Governance International Law Social Movement

How have human rights reports been responded?

One of the observed tasks of human rights NGOs in protecting and promoting socio-economic rights is executed by writing and submitting reports to international human rights regimes, such as the United Nations.  It is generally perceived that states, as sovereign units, each representing a nation, occupy a unique position. While they have the primary obligation to carry out human rights obligations, they are also recognised as potential perpetrators, which in turn will be less likely to admit any negligences or violations.

Acknowledging the important position of states to realise human rights has crucially contributed to the establishment of the human rights regimes, something that is essential for invoking and exerting the influence of international human rights norms. However as resulted from another character of states, obviously, these regimes cannot merely rely on states to ensure that rights are enforced and realised.

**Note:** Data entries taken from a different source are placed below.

Lemma vanishes_at_infty_lyapunov (V W dW : R -> R) e c1 c2 :
  0 < e -> 0 < c1 -> 0 < c2 -> (forall t, 0 <= V t) ->
  (forall t, c1 * V t <= W t <= c2 * V t) ->
  (forall t, is_derive W t (dW t)) -> (forall t, dW t <= - e * V t) ->
  vanishes_at_infty V.
Proof.
  intros He Hc1 Hc2 HV HW HD Hle.
  assert (Hdec : forall t, t >= 0 -> W t <= W 0 * exp (- (e / c2) * t)).
  { apply (decay_of_derive_le W dW); [exact HD|]. intros t.
    specialize (Hle t). destruct (HW t) as [_ Hup].
    enough (e / c2 * W t <= e * V t) by lra.
    unfold Rdiv. rewrite Rmult_assoc. apply Rmult_le_compat_l; [lra|].
    apply (Rmult_le_reg_l c2); [lra|]. field_simplify; lra. }
  apply (vanishes_at_infty_dominated (fun t => W 0 * exp (- (e / c2) * t)) V (/ c1)).
  - left. now apply Rinv_0_lt_compat.
  - intros t Ht. specialize (Hdec t Ht). destruct (HW t) as [Hlow _].
    rewrite (Rabs_right (V t)) by (apply Rle_ge, HV).
    apply (Rmult_le_reg_l c1); [lra|]. field_simplify; [|lra].
    pose proof (Rle_abs (W 0 * exp (- (e / c2) * t))). lra.
  - apply vanishes_at_infty_exp. apply Rdiv_lt_0_compat; lra.
Qed.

They need to turn to other actors for some possible explanations on states´ slothfulness and aversions in fulfilling their obligations. In this regard, we are talking about non-governmental organisations.

Writing reports is part of the chores NGOs need to do to stay in the loop. In cooperation with other NGOs or possibly other social organisations, experiences and grievances are collected. Field research, trainings, interviews etcetera are the common ways of collecting such information. In the reports these experiences and grievances are translated using the human rights language, in order to identify violations and states’ failures in meeting their obligations.

While this in itself is a strenuous effort, one might wonder how have human rights reports been responded? An answer to this question may be twofold, at least. One that is connecting reports to the actual actions taken by the organisations to whom these reports are submitted. Here one is talking about some acts of intervention. The second revolves around assessments regarding the broader impacts of these reports in the wider societal connext that includes institutional, political, cultural aspects, and so on, particularly concerning changes at the level of discourses.

I am particularly interested in the later. Recently the Forest People Programme Indonesia renewed their appeal to the UN Committee on the Elimination of Racial Discrimination, by submitting a new report requesting its consideration of the situation of the Malind and other indigenous peoples of Merauke, Indonesia. Their last report was positively responded by the Committee who expressed its concerns on the negative impacts agricultural modernisation projects in Merauke have on the livelihood of the Malind and requested to be further informed on the measures taken by the Government of Indonesia in this regard.

I had the pleasure to meet the NGOs involved in this report during my field research two years ago and I am really looking forward to see how this report will be responded.